What is expected: Would you return every line of the listing below that has "first" in it?

(Dataset entries)

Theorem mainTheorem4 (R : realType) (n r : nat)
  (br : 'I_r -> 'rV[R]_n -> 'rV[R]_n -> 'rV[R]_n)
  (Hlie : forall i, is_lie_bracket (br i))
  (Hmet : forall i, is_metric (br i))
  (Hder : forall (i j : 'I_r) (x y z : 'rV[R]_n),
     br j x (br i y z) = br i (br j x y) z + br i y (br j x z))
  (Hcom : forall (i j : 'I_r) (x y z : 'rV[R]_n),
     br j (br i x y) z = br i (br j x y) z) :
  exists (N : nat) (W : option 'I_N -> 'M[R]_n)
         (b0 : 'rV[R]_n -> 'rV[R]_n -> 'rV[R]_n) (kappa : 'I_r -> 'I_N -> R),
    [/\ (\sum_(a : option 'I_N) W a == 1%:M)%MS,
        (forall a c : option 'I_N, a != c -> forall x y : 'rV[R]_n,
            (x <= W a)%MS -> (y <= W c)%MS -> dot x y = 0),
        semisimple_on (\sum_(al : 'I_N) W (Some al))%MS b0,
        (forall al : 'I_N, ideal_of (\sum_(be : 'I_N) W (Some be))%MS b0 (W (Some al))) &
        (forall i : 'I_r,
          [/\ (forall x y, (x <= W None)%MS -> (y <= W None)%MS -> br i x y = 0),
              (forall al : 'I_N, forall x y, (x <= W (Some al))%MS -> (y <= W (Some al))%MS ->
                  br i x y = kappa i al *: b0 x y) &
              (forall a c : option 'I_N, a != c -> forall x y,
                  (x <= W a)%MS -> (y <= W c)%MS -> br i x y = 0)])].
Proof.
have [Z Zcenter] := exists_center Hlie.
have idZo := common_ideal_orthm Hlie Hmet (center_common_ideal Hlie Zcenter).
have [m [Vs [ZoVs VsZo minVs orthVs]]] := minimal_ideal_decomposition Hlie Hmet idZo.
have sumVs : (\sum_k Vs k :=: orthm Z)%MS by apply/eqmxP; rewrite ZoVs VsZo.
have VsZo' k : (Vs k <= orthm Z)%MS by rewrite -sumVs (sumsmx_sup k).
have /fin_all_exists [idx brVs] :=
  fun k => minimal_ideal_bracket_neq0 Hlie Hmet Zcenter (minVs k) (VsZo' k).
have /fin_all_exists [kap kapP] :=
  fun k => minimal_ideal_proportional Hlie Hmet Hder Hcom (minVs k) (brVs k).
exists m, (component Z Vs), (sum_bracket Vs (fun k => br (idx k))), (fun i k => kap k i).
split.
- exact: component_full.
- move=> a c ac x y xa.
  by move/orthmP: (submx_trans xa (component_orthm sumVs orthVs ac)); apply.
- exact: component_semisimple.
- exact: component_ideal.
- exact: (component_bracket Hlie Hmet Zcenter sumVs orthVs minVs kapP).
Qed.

(End Dataset entries)
(Dataset entries)

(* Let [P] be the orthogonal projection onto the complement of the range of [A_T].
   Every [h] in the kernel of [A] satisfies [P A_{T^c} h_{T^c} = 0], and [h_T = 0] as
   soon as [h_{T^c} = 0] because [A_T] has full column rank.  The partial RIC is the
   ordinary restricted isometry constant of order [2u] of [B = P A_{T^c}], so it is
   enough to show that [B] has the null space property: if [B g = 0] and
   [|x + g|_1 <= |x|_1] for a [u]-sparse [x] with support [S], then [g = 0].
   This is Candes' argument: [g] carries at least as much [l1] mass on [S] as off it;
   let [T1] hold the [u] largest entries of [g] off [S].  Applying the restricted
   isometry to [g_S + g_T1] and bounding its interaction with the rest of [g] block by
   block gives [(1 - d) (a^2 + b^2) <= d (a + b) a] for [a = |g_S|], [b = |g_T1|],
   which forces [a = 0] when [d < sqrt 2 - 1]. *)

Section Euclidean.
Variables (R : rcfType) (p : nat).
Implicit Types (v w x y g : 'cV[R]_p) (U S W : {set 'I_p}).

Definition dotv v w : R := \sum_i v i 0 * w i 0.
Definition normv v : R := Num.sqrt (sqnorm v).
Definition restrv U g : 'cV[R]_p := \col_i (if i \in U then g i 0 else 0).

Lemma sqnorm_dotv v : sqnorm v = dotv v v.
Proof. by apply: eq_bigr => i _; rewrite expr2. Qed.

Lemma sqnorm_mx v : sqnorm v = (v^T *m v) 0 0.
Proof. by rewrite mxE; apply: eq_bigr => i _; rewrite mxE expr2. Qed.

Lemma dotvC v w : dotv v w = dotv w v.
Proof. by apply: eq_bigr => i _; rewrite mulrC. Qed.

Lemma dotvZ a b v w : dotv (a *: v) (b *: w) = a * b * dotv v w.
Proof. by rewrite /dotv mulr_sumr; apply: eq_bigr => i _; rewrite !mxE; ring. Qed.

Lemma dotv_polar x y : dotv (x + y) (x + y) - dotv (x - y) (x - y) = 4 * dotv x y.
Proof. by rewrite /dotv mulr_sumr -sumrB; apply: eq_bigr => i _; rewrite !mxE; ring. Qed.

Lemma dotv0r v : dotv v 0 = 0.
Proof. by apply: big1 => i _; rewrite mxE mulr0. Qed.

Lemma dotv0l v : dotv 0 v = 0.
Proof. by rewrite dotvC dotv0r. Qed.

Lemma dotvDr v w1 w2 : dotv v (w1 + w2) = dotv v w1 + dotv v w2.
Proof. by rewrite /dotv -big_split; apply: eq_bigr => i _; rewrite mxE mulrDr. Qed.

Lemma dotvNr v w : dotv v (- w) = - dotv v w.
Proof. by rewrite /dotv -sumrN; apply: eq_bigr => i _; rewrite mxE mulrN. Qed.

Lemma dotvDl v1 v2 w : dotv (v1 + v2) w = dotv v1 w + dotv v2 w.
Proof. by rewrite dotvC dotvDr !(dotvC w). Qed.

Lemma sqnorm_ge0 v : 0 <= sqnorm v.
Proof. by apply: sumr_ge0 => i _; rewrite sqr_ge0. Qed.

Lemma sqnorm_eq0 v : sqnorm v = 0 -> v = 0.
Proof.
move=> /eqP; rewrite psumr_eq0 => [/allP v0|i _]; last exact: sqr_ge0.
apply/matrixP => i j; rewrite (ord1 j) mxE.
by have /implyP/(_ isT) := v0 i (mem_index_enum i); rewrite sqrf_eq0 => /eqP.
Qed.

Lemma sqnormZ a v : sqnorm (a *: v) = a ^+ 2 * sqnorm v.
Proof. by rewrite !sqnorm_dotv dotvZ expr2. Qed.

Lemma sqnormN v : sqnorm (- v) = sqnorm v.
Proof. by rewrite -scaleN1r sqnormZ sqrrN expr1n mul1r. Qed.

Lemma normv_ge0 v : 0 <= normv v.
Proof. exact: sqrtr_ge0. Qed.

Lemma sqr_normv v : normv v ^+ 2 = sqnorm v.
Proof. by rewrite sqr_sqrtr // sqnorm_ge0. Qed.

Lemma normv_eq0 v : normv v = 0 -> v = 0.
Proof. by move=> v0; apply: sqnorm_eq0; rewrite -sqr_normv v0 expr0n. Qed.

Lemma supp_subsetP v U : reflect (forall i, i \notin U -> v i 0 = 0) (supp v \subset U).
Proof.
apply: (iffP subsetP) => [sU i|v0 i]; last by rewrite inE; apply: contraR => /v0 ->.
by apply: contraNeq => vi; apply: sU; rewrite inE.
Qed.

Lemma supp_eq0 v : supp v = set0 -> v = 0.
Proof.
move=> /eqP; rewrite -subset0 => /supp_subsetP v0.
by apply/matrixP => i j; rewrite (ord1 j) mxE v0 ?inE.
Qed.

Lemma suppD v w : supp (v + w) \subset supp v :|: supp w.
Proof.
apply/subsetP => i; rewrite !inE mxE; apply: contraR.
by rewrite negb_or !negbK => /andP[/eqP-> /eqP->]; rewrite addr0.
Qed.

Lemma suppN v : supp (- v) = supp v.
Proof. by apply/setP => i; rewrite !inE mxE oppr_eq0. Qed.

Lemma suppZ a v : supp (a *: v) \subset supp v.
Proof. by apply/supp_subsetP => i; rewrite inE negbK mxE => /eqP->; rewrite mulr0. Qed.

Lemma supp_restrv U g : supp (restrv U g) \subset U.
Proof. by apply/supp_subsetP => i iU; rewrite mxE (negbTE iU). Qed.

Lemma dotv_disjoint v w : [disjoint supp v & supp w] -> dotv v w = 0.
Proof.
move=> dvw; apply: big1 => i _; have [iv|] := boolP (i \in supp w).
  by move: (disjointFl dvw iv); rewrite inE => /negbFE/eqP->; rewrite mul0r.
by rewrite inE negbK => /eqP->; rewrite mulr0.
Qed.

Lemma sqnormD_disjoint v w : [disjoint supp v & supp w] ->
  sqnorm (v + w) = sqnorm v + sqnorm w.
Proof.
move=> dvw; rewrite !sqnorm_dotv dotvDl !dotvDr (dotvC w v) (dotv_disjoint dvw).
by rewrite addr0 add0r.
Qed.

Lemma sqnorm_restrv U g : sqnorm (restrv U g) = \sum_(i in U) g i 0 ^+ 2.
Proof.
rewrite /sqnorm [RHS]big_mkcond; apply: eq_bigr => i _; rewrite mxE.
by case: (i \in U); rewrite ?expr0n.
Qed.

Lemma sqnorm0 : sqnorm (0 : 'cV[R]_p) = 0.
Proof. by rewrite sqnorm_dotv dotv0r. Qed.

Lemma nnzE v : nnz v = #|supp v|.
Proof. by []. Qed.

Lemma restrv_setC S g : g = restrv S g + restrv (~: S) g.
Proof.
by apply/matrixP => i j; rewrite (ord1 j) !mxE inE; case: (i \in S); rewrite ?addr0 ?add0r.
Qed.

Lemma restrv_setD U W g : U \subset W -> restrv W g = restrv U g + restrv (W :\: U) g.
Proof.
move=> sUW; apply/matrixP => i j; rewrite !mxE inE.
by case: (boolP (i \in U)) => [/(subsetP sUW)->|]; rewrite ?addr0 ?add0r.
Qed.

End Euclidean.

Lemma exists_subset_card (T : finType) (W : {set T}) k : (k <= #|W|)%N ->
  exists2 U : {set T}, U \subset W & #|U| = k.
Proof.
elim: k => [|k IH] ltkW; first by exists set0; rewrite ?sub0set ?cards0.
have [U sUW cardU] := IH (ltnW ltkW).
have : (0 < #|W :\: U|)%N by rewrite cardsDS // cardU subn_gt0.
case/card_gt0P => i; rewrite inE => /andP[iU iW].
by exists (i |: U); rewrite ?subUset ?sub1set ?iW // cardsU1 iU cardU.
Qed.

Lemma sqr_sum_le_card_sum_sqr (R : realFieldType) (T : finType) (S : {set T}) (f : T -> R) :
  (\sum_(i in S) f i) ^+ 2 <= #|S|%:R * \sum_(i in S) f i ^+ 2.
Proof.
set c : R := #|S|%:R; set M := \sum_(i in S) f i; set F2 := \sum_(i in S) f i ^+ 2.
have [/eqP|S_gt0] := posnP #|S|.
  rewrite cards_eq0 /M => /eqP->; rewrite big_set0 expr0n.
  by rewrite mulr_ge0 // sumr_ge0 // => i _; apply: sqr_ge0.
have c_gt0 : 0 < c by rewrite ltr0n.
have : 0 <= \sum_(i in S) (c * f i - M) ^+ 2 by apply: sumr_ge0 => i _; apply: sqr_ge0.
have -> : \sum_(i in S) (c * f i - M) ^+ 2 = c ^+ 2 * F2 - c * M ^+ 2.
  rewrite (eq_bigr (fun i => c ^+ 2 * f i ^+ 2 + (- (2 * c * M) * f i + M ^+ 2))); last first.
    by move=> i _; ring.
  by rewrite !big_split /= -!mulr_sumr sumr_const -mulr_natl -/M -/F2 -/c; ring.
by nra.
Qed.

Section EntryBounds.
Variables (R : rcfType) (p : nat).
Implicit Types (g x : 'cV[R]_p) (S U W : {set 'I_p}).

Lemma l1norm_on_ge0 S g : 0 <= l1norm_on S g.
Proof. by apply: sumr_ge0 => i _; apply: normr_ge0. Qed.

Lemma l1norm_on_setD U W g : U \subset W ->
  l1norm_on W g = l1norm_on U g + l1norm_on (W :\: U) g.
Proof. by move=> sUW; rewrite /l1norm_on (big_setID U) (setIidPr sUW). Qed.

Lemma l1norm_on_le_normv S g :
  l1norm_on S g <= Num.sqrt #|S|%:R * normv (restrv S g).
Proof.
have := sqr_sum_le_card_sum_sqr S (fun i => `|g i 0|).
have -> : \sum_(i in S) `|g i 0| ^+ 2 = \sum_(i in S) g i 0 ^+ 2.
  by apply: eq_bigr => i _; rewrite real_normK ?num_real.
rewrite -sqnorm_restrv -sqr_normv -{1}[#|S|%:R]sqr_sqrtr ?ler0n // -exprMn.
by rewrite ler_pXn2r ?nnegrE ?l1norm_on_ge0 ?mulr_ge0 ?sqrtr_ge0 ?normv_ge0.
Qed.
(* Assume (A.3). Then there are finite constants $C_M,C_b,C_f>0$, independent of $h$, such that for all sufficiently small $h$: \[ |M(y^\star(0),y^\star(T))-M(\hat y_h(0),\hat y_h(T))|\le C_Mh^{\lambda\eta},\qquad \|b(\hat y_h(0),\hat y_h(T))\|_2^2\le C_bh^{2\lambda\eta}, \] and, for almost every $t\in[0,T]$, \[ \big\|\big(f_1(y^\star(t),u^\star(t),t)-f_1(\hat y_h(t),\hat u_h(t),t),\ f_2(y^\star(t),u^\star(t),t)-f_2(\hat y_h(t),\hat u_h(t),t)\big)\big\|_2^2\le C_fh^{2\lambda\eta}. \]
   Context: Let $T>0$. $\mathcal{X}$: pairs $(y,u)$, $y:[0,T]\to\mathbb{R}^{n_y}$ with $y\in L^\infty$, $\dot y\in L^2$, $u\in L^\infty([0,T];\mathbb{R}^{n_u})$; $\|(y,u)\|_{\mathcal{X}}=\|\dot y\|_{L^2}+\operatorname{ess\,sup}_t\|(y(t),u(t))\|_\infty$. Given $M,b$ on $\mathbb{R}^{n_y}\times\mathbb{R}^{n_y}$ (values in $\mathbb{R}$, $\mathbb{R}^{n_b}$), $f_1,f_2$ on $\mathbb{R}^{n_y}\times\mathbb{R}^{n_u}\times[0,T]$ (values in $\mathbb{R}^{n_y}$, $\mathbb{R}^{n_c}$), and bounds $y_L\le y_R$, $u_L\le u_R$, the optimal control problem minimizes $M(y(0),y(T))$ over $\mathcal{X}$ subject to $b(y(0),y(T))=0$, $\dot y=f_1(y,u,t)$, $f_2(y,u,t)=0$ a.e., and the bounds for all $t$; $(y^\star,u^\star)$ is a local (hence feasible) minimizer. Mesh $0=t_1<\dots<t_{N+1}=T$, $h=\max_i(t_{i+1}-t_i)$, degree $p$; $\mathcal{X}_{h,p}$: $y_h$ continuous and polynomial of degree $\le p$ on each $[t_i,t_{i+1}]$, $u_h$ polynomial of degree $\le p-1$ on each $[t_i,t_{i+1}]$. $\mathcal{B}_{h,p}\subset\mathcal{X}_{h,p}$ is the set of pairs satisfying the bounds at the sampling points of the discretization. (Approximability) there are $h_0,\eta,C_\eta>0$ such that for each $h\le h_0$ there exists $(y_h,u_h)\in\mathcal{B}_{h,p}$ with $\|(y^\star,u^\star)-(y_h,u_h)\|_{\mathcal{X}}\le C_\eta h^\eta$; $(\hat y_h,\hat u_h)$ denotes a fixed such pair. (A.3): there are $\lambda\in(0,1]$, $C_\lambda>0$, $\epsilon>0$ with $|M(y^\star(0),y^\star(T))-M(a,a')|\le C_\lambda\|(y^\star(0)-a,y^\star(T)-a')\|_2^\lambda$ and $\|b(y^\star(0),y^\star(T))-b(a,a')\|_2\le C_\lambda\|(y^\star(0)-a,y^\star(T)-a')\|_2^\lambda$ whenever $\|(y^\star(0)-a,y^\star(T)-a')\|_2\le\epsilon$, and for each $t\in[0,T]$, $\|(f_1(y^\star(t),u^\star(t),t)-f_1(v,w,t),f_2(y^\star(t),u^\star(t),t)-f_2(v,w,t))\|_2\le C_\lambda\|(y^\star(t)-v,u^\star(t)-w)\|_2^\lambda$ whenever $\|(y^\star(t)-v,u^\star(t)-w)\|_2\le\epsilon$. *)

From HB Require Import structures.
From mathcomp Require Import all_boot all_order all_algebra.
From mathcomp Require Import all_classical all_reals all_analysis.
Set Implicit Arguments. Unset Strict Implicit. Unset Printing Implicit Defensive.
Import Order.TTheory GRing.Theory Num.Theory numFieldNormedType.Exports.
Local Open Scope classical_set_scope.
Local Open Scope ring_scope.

(End Dataset entries)

Written response:
elim: k => [|k IH] ltkW; first by exists set0; rewrite ?sub0set ?cards0.
  rewrite (eq_bigr (fun i => c ^+ 2 * f i ^+ 2 + (- (2 * c * M) * f i + M ^+ 2))); last first.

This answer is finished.